What it is: The model feeds the compact semantic tokens right alongside the noisy video latents so the generator learns to follow the plan.
How it works: 1) Concatenate semantic tokens with the latent tokens. 2) Let attention mix them. 3) The model denoises while respecting the plan.
Why it matters: Without this hint-sharing, the details could ignore the big-picture plan and drift.

🍞 Bottom Bread (Anchor): Injecting semantic tokens from a reference clip made the new video keep the same layout and motion, even if textures changed.

🍞 Top Bread (Hook): Picture reading a whole paragraph for meaning, then zooming into sentences to fix typos.

🥬 Filling (The Actual Concept — Shifted Window Attention for Long Videos):

What it is: For long videos, do full attention only in the tiny semantic space; in the larger VAE latent space, use shifted-window attention that only looks at nearby frames but shifts so information spreads.
How it works: 1) Global full attention on semantic tokens keeps story coherence. 2) Local windows in latents keep compute low. 3) Shift the windows layer by layer so details propagate.
Why it matters: Without this, full attention on all latents explodes in cost; pure local windows lose global story.

🍞 Bottom Bread (Anchor): A one-minute video keeps characters and scenes consistent because the plan is global, and the details spread steadily via sliding windows.

Why it works (intuition): Videos are super redundant—many frames repeat structure. It’s wasteful to model every low-level token globally. Planning in a compact semantic space captures the essentials (who/where/how) with far fewer tokens, so full attention there is cheap and powerful. Then, adding details locally is efficient and stable.

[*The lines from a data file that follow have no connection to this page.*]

Lemma head_var_tail A j : head_var A = Some j -> exists d, tail A = TailVar j d.
Proof.
  revert j; induction A; intros j H; simpl in *; try discriminate.
  - injection H as <-; eauto.
  - destruct (IHA j H) as [d ->]; simpl; eauto.
  - destruct (head_var A) as [[|j']|]; try discriminate. injection H as ->.
    destruct (IHA (S j) eq_refl) as [d ->]; simpl; eauto.
Qed.

Lemma head_var_subst C k U : head_var C <> Some k ->
  head_var (subst k U C) = option_map (subst_index k) (head_var C).
Proof.
  unfold subst_index; revert k U; induction C; intros k U H; simpl in *.
  - case_nat_tests; simpl; congruence.
  - reflexivity.
  - auto.
  - destruct (head_var C) as [[|j]|]; rewrite IHC by congruence; simpl; auto.
    assert (j <> k) by congruence.
    case_nat_tests; try lia; auto.
    destruct j; [lia | reflexivity].
Qed.

Lemma head_var_unfold A : head_var A <> Some 0 ->
  head_var (subst0 A (Mu A)) = head_var (Mu A).
Proof.
  intros H. unfold subst0; rewrite head_var_subst by auto; simpl.
  destruct (head_var A) as [[|j]|]; unfold subst_index; simpl; congruence.
Qed.

(** * Basic properties of equality *)

Section Equality.

Variable dist : bool.
Notation teq := (teq dist).

Lemma teq_wf A B : teq A B -> wf A /\ wf B.
Proof.
  induction 1; intuition auto using wf_top, wf_unfold; repeat constructor; auto.
Qed.

Lemma teq_lift A B k : teq A B -> teq (lift k A) (lift k B).
Proof.
  intros H; revert k; induction H; intros k; simpl.
  - apply teq_refl, wf_lift; auto.
  - apply teq_sym; auto.
  - eapply teq_trans; eauto.
  - apply teq_later; auto.
  - apply teq_arr; auto.
  - apply teq_arr_top, wf_lift; auto.
  - rewrite lift_unfold. apply (teq_unfold _ (lift (S k) A)), (wf_lift _ k H).
  - apply teq_fix; try apply wf_lift; auto.
    + apply (proper_lift C 0 (S k)); auto.
    + specialize (IHteq k). unfold subst0 in *. rewrite lift_subst_below in IHteq by lia.
      exact IHteq.
  - apply teq_dist; try apply wf_lift; auto.
Qed.
(* Let $A$ be a basic, connected, non-simple finite-dimensional $\Bbbk$-algebra, $B=A^{\mathrm{op}}$, $E=A\otimes_{\Bbbk}B$. In each of the following cases the $E$-module $M={}_AA_A$ (the regular $A$-$A$-bimodule) is indecomposable, has stable endomorphism algebra isomorphic to $\Bbbk$, and is projective both as an $A$-module and as a $B$-module: (i) the center of $A$ is trivial (i.e. equal to $\Bbbk$); (ii) $\mathrm{char}(\Bbbk)\neq2$ and $A=\Bbbk[x]/(x^2)$; (iii) $\mathrm{char}(\Bbbk)\neq 2$ and $A$ is the path algebra of the quiver with vertices $1,2,\dots,n$ and arrows $\alpha:i\to i+1$ and $\beta:i+1\to i$ for $i=1,\dots,n-1$, modulo the relations $\alpha^2=0$, $\beta^2=0$, $\alpha\beta=\beta\alpha$.
   Context: $\Bbbk$ is an algebraically closed field. $E$-modules are identified with $A$-$A$-bimodules (the right $A$-action corresponding to the left action of $B=A^{\mathrm{op}}$). ''Projective as an $A$-module'' means projective under restriction to $A\otimes 1\subseteq E$ (left $A$-module), and ''projective as a $B$-module'' means projective under restriction to $1\otimes B$ (right $A$-module). The stable endomorphism algebra of an $E$-module $M$ is $\mathrm{End}_E(M)$ modulo the ideal of endomorphisms factoring through a projective $E$-module (i.e. projective $A$-$A$-bimodule). *)

From HB Require Import structures.
From mathcomp Require Import all_boot all_order all_algebra.
From mathcomp Require Import falgebra.
Set Implicit Arguments. Unset Strict Implicit. Unset Printing Implicit Defensive.
Import GRing.Theory.
Local Open Scope ring_scope.

Section Modules.
Variables (k : fieldType) (A : falgType k).

(* E-modules, E = A (x)_k A^op, i.e. A-A-bimodules on which the two induced
   k-actions agree (k central).  The right A-action is the left action of
   B = A^op. *)
Record bimod := Bimod {
  bm_sort : zmodType;
  bm_l : A -> bm_sort -> bm_sort;
  bm_r : bm_sort -> A -> bm_sort;
  bm_lDr : forall a m n, bm_l a (m + n) = bm_l a m + bm_l a n;
  bm_lDl : forall a b m, bm_l (a + b) m = bm_l a m + bm_l b m;
  bm_lM : forall a b m, bm_l (a * b) m = bm_l a (bm_l b m);
  bm_l1 : forall m, bm_l 1 m = m;
  bm_rDl : forall a m n, bm_r (m + n) a = bm_r m a + bm_r n a;
  bm_rDr : forall a b m, bm_r m (a + b) = bm_r m a + bm_r m b;
  bm_rM : forall a b m, bm_r m (a * b) = bm_r (bm_r m a) b;
  bm_r1 : forall m, bm_r m 1 = m;
  bm_lr : forall a b m, bm_l a (bm_r m b) = bm_r (bm_l a m) b;
  bm_k : forall (c : k) m, bm_l (c%:A) m = bm_r m (c%:A)
}.

Definition is_bhom (M N : bimod) (f : bm_sort M -> bm_sort N) : Prop :=
  [/\ forall m n, f (m + n) = f m + f n,
      forall a m, f (bm_l a m) = bm_l a (f m) &
      forall a m, f (bm_r m a) = bm_r (f m) a].

Definition bm_projective (P : bimod) : Prop :=
  forall (X Y : bimod) (p : bm_sort X -> bm_sort Y) (g : bm_sort P -> bm_sort Y),
    is_bhom p -> (forall y, exists x, p x = y) -> is_bhom g ->
    exists h : bm_sort P -> bm_sort X, is_bhom h /\ forall m, p (h m) = g m.

(* Endomorphisms factoring through a projective E-module: the ideal
   defining the stable endomorphism algebra. *)
Definition factors_through_proj (M : bimod) (f : bm_sort M -> bm_sort M) : Prop :=
  exists (P : bimod) (g : bm_sort M -> bm_sort P) (h : bm_sort P -> bm_sort M),
    [/\ bm_projective P, is_bhom g, is_bhom h & forall m, f m = h (g m)].

(* The stable endomorphism algebra  End_E(M) / P(M,M)  is isomorphic to k
   (as a k-algebra), i.e. the structure map k -> End_E(M)/P(M,M),
   c |-> class of c.id_M, is bijective: it is onto, and injective
   (equivalently, id_M does not factor through a projective). *)
Definition stable_end_is_k (M : bimod) : Prop :=
  (forall f : bm_sort M -> bm_sort M, is_bhom f ->
     exists c : k, factors_through_proj (fun m => f m - bm_l (c%:A) m))
  /\ ~ factors_through_proj (fun m : bm_sort M => m).

Definition sub_bimod (M : bimod) (U : bm_sort M -> Prop) : Prop :=
  [/\ U 0, forall m n, U m -> U n -> U (m + n),
      forall a m, U m -> U (bm_l a m) & forall a m, U m -> U (bm_r m a)].

Definition bm_indecomposable (M : bimod) : Prop :=
  (exists m : bm_sort M, m != 0) /\
  forall U W : bm_sort M -> Prop, sub_bimod U -> sub_bimod W ->
    (forall m, exists u w, [/\ U u, W w & m = u + w]) ->
    (forall m, U m -> W m -> m = 0) ->
    (forall m, U m -> m = 0) \/ (forall m, W m -> m = 0).

(* Left A-modules, and right A-modules (= left B-modules, B = A^op). *)
Record lmodA := LmodA {
  lm_sort : zmodType;
  lm_act : A -> lm_sort -> lm_sort;
  lm_Dr : forall a m n, lm_act a (m + n) = lm_act a m + lm_act a n;
  lm_Dl : forall a b m, lm_act (a + b) m = lm_act a m + lm_act b m;
  lm_M : forall a b m, lm_act (a * b) m = lm_act a (lm_act b m);
  lm_1 : forall m, lm_act 1 m = m
}.

Record rmodA := RmodA {
  rm_sort : zmodType;
  rm_act : rm_sort -> A -> rm_sort;
  rm_Dl : forall a m n, rm_act (m + n) a = rm_act m a + rm_act n a;
  rm_Dr : forall a b m, rm_act m (a + b) = rm_act m a + rm_act m b;
  rm_M : forall a b m, rm_act m (a * b) = rm_act (rm_act m a) b;
  rm_1 : forall m, rm_act m 1 = m
}.

Definition is_lhom (M N : lmodA) (f : lm_sort M -> lm_sort N) : Prop :=
  (forall m n, f (m + n) = f m + f n) /\ (forall a m, f (lm_act a m) = lm_act a (f m)).

Definition is_rhom (M N : rmodA) (f : rm_sort M -> rm_sort N) : Prop :=
  (forall m n, f (m + n) = f m + f n) /\ (forall a m, f (rm_act m a) = rm_act (f m) a).

Definition lm_projective (P : lmodA) : Prop :=
  forall (X Y : lmodA) (p : lm_sort X -> lm_sort Y) (g : lm_sort P -> lm_sort Y),
    is_lhom p -> (forall y, exists x, p x = y) -> is_lhom g ->
    exists h : lm_sort P -> lm_sort X, is_lhom h /\ forall m, p (h m) = g m.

That’s the “aha!”

03Methodology

At a high level: Text Prompt → Stage A: Semantic Representation Generation (tiny plan) → Stage B: VAE Latent Generation (details) → VAE Decoder → Final Video.

Step 0. Prerequisites and base model 🍞 Top Bread (Hook): Imagine we already own a smart video painter that works in a smaller sketchbook (latent space) instead of a giant canvas.

🥬 Filling (The Actual Concept):

What it is: A pre-trained text-to-video latent diffusion model with a 3D-VAE and a Transformer (DiT) backbone.
How it works: 1) 3D-VAE encodes/decodes frames to/from latents. 2) DiT denoises latents from noise to clean video conditioned on text. 3) Training uses flow/diffusion steps that teach it to remove noise.
Why it matters: This gives us a strong “detail painter” ready to be guided by semantics.

🍞 Bottom Bread (Anchor): When prompted “a car drives through a neon-lit city,” the base model can already make short, sharp clips.

Stage A. Train the VAE latent generator with semantic conditioning (teach the painter to follow a plan) 🍞 Top Bread (Hook): Think of giving the painter a tiny storyboard to follow while painting.

🥬 Filling (The Actual Concept):

What it is: We fine-tune the base diffusion model to denoise VAE latents while being fed compact semantic tokens (the plan).
How it works: 1) Feed the ground-truth video into the semantic encoder (e.g., Qwen2.5-VL vision tower) to get high-level tokens. 2) Compress them via a small MLP that outputs mean/variance; sample a compact embedding (Gaussian-like). 3) Add noise to VAE latents (training-time diffusion step). 4) Concatenate semantic tokens with noisy latents (in-context conditioning). 5) Train the model to denoise the latents while obeying the semantics.
Why it matters: Without this stage, the detail painter doesn’t learn to listen to the plan and may drift.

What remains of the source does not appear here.